Hamburg’s office-letting market started 2018 with appreciably less activity than a year before. Grossmann & Berger, a member of German Property Partners
(GPP), has calculated that some 105,000 m² of office space was let or owner-occupied in the 1st quarter, whereby owner-occupiers comprise a mere 1 % of the total. “The record set in the previous year proved unattainable and the result dropped by 34 per cent. The main reason for the decline is the diminishing stock of available space, which now considerably limits the choice that can be offered to potential clients,” says Andreas Rehberg
, managing director of Grossmann & Berger, commenting the latest quarterly figures.
Number of big office lets halved
Year on year the market share of clients taking more than 5,000 m² of office space fell from 30 % to 15 %. Only two big lets, with a total volume of some 16,000 m², were agreed in the first three months, which translates into 67 % less space than in the 1st quarter of 2017. The biggest agreement signed in the 1st quarter related to 10,000 m² that the insurance group Signal Iduna rented in the “Vattenfall Building” (Überseering 12, City North) as a temporary measure. When Hansainvest Real Assets has completed the new build “Kap 5” office block (Kapstadtring 5, City North), Iduna will be leaving the Überseering to move into these new premises.

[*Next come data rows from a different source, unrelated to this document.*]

(* If $G$ is a maximal subgroup of a finite semigroup $S$, then $\mathrm{EQN\text{-}SAT}(G)\le_{\mathrm m}^{\mathsf{AC}^0}\mathrm{EQN\text{-}SAT}(S)$.
   Context: A maximal subgroup of a semigroup $S$ is a subsemigroup that is a group and is maximal under inclusion among such (equivalently, the $\mathcal{H}$-class of an idempotent). For a group $G$, $\mathrm{EQN\text{-}SAT}(G)$: given a word $\alpha$ over $G\cup\mathcal{X}\cup\mathcal{X}^{-1}$ (variables and formal inverses), decide whether there is $\sigma:\mathcal{X}\to G$ with $\sigma(\alpha)=1$. For a semigroup $S$, $\mathrm{EQN\text{-}SAT}(S)$: given two words over $S\cup\mathcal{X}$, decide whether some assignment $\sigma:\mathcal{X}\to S$ makes them evaluate to the same element. $\le_{\mathrm m}^{\mathsf{AC}^0}$ denotes many-one reducibility via functions computable by polynomial-size constant-depth Boolean circuits. *)

From mathcomp Require Import all_boot.
Set Implicit Arguments. Unset Strict Implicit. Unset Printing Implicit Defensive.

Section Semigroup.
Variables (S : finType) (op : S -> S -> S).

Definition is_identity_of (G : {set S}) (e : S) : Prop :=
  e \in G /\ forall g, g \in G -> op e g = g /\ op g e = g.

Definition is_subgroup (G : {set S}) : Prop :=
  (forall g h, g \in G -> h \in G -> op g h \in G) /\
  exists e, is_identity_of G e /\
    forall g, g \in G -> exists2 h, h \in G & op g h = e /\ op h g = e.

Definition maximal_subgroup (G : {set S}) : Prop :=
  is_subgroup G /\ forall H : {set S}, is_subgroup H -> G \subset H -> H = G.

(* A letter over G u X u X^-1 : inl g (constant, required to lie in G),
   inr (x, true) = variable x, inr (x, false) = formal inverse x^-1;
   variables are indexed by nat. *)
Definition gletter := (S + (nat * bool))%type.

Definition ginv (G : {set S}) (e g : S) : S :=
  odflt e [pick h in G | (op g h == e) && (op h g == e)].

Definition gval (G : {set S}) (e : S) (sigma : nat -> S) (a : gletter) : S :=
  match a with
  | inl g => g
  | inr (x, true) => sigma x
  | inr (x, false) => ginv G e (sigma x)
  end.

Definition geval (G : {set S}) (e : S) (sigma : nat -> S) (w : seq gletter) : S :=
  foldr (fun a acc => op (gval G e sigma a) acc) e w.

Definition gsat (G : {set S}) (w : seq gletter) : Prop :=
  exists e, is_identity_of G e /\
    exists sigma : nat -> S, (forall x, sigma x \in G) /\ geval G e sigma w = e.

Definition sletter := (S + nat)%type.

Definition sval (sigma : nat -> S) (a : sletter) : S :=
  match a with inl s => s | inr x => sigma x end.

(* words over a semigroup are non-empty; the empty word has no value *)
Definition seval (sigma : nat -> S) (w : seq sletter) : option S :=
  match w with
  | [::] => None
  | a :: w' => Some (foldl (fun acc b => op acc (sval sigma b)) (sval sigma a) w')
  end.

Definition ssat (u v : seq sletter) : Prop :=
  exists (sigma : nat -> S) (s : S), seval sigma u = Some s /\ seval sigma v = Some s.

(* Letter codes (tag in the two low-order bits):
   group instance:     g |-> 4 * rank g,  x |-> 4x+1,  x^-1 |-> 4x+2
   semigroup instance: s |-> 4 * rank s,  x |-> 4x+1,  separator |-> 2 *)
Definition gcode (a : gletter) : nat :=
  match a with
  | inl g => 4 * enum_rank g
  | inr (x, true) => 4 * x + 1
  | inr (x, false) => 4 * x + 2
  end.

Definition scode (a : option sletter) : nat :=
  match a with
  | None => 2
  | Some (inl s) => 4 * enum_rank s
  | Some (inr x) => 4 * x + 1
  end.

End Semigroup.

Definition bits (w n : nat) : seq bool := mkseq (fun i => odd (n %/ 2 ^ i)) w.

(* encoding of a sequence of codes with block width w (w > 0, codes < 2^w):
   1^w 0 followed by the w-bit blocks *)
Definition enc (w : nat) (cs : seq nat) : seq bool :=
  nseq w true ++ false :: flatten (map (bits w) cs).

Definition EQN_SAT_group (S : finType) (op : S -> S -> S) (G : {set S})
    (x : seq bool) : Prop :=
  exists (w : nat) (a : seq (gletter S)),
    [/\ 0 < w, all (fun l => gcode l < 2 ^ w) a,
        all (fun l => if l is inl g then g \in G else true) a,
        x = enc w (map (@gcode S) a) & gsat op G a].

(* The language EQN-SAT(S) as a set of bit strings; the instance (u, v)
   is written u # v *)
Definition EQN_SAT_semigroup (S : finType) (op : S -> S -> S)
    (x : seq bool) : Prop :=
  exists (w : nat) (u v : seq (sletter S)),
    let cs := map (@scode S) (map Some u ++ None :: map Some v) in
    [/\ 0 < w, all (fun c => c < 2 ^ w) cs, x = enc w cs & ssat op u v].

(* Boolean circuits with unbounded fan-in (as formulas; constant-depth  *)
(* polynomial-size circuits and formulas define the same class)         *)
Inductive circuit : Type :=
  | CIn of nat
  | CConst of bool
  | CNot of circuit
  | CAnd of seq circuit
  | COr of seq circuit.

Fixpoint ceval (x : seq bool) (c : circuit) : bool :=
  match c with
  | CIn i => nth false x i
  | CConst b => b
  | CNot c' => ~~ ceval x c'
  | CAnd cs => all (ceval x) cs
  | COr cs => has (ceval x) cs
  end.

Fixpoint csize (c : circuit) : nat :=
  match c with
  | CIn _ | CConst _ => 1
  | CNot c' => (csize c').+1
  | CAnd cs | COr cs => (sumn (map csize cs)).+1
  end.

Fixpoint cdepth (c : circuit) : nat :=
  match c with
  | CIn _ | CConst _ => 0
  | CNot c' => (cdepth c').+1
  | CAnd cs | COr cs => (foldr maxn 0 (map cdepth cs)).+1
  end.

(* f is computable by a (non-uniform) family of polynomial-size,
   constant-depth circuits: for inputs of length n there are m n pairs of
   circuits (V n i, B n i); V n i decides whether i < |f x| and B n i gives
   bit i of f x. *)
Definition AC0_function (f : seq bool -> seq bool) : Prop :=
  exists (d k : nat) (m : nat -> nat) (V B : nat -> nat -> circuit),
    (forall n, \sum_(i < m n) (csize (V n i) + csize (B n i)) <= (n + 2) ^ k) /\
    (forall n i, i < m n -> cdepth (V n i) <= d /\ cdepth (B n i) <= d) /\
    (forall x : seq bool,
       size (f x) <= m (size x) /\
       forall i, i < m (size x) ->
         ceval x (V (size x) i) = (i < size (f x)) /\
         (i < size (f x) -> ceval x (B (size x) i) = nth false (f x) i)).

Definition AC0_reducible (L1 L2 : seq bool -> Prop) : Prop :=
  exists f, AC0_function f /\ forall x, L1 x <-> L2 (f x).

(* Let e be the identity of G.  The units of the finite monoid eSe form a subgroup
   containing G, hence equal to G by maximality; and in a finite monoid a product is a
   unit only if all its factors are.  A group equation is therefore translated into the
   semigroup equation  e a_1' ... a_k' = e,  where a constant g stays g, a variable x
   becomes e x e and x^-1 becomes (e x e)^(N-1) with N = 2 |S|!, a multiple of the order
   of every element of G: a solution in S projects through s |-> e s e to a solution in G.
   Every letter is translated into a block of the same length and the equation is padded
   to a length depending only on the input length, so each output bit is a fixed function
   of a few input bits, chosen by a disjunction over the possible code widths of the input;
   this gives constant-depth polynomial-size circuits. *)

From Pilot Require Import Defs.
From mathcomp Require Import all_boot zify.
Set Implicit Arguments. Unset Strict Implicit. Unset Printing Implicit Defensive.

(** * Binary encodings *)

Lemma bitsS w n : bits w.+1 n = odd n :: bits w n./2.
Proof.
rewrite /bits /mkseq /= expn0 divn1; congr (_ :: _).
rewrite (iotaDl 1 0) -map_comp; apply: eq_map => i /=.
by rewrite expnS divnMA divn2.
Qed.

Lemma size_bits w n : size (bits w n) = w.
Proof. by rewrite size_mkseq. Qed.

Lemma nth_bits w n i : i < w -> nth false (bits w n) i = odd (n %/ 2 ^ i).
Proof. by move=> lt_i_w; rewrite nth_mkseq. Qed.

Fixpoint nat_of_bits (ds : seq bool) : nat :=
  if ds is d :: ds' then d + (nat_of_bits ds').*2 else 0.

Lemma bitsK w n : n < 2 ^ w -> nat_of_bits (bits w n) = n.
Proof.
elim: w n => [|w IHw] n lt_n.
  by move: lt_n; rewrite expn0 ltnS leqn0 => /eqP ->.
rewrite bitsS /= IHw ?odd_double_half //.
by rewrite ltn_half_double -mul2n -expnS.
Qed.

Lemma nat_of_bitsK ds : bits (size ds) (nat_of_bits ds) = ds.
Proof.
elim: ds => [|d ds IHds] //=.
by rewrite bitsS half_bit_double IHds oddD odd_double oddb addbF.
Qed.

Lemma nat_of_bits_lt ds : nat_of_bits ds < 2 ^ size ds.
Proof.
elim: ds => [|d ds IHds] //=; rewrite expnS.
have : d <= 1 by case: d.
lia.
Qed.

Lemma bits_inj w c c' : c < 2 ^ w -> c' < 2 ^ w -> bits w c = bits w c' -> c = c'.
Proof. by move=> lt_c lt_c' eq_bits; rewrite -(bitsK lt_c) -(bitsK lt_c') eq_bits. Qed.

Section UniformFlatten.
Variables (T : eqType) (k : nat) (ss : seq (seq T)).
Hypothesis size_ss : forall s, s \in ss -> size s = k.

Lemma size_flatten_uniform : size (flatten ss) = k * size ss.
Proof.
elim: ss size_ss => [|s ss' IHss] /= sizes; first by rewrite muln0.
rewrite size_cat sizes ?mem_head // IHss ?mulnS // => s' ss's'.
by apply: sizes; rewrite inE ss's' orbT.
Qed.

Lemma nth_flatten_uniform x0 t r : t < size ss -> r < k ->
  nth x0 (flatten ss) (t * k + r) = nth x0 (nth [::] ss t) r.
Proof.
elim: ss size_ss t => [|s ss' IHss] sizes t //= lt_t lt_r.
have size_s : size s = k by apply: sizes; rewrite mem_head.
rewrite nth_cat size_s; case: t lt_t => [|t] lt_t /=; first by rewrite lt_r.
rewrite ifN; last by rewrite -leqNgt mulSn -addnA leq_addr.
rewrite mulSn -addnA addKn IHss // => s' ss's'.
by apply: sizes; rewrite inE ss's' orbT.
Qed.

The second-biggest let of the year to date was for space in the “Tower am Michel” which already stands at Ludwig-Erhard-Strasse 22 (City). Zeaborn, founded in 2013 by a group including the Bremen construction magnate Kurt Zech, will soon be moving into 5,300 m² of space, occupying four floors of this building. At the beginning of the year the shipping company took over all the shares in the E.R. Schiffahrt line, simultaneously buying the ships’ broker Harper Peterson & Co. In 2017 Zeaborn took over the ship management business of the insolvent Bertram Rickmers shipping line.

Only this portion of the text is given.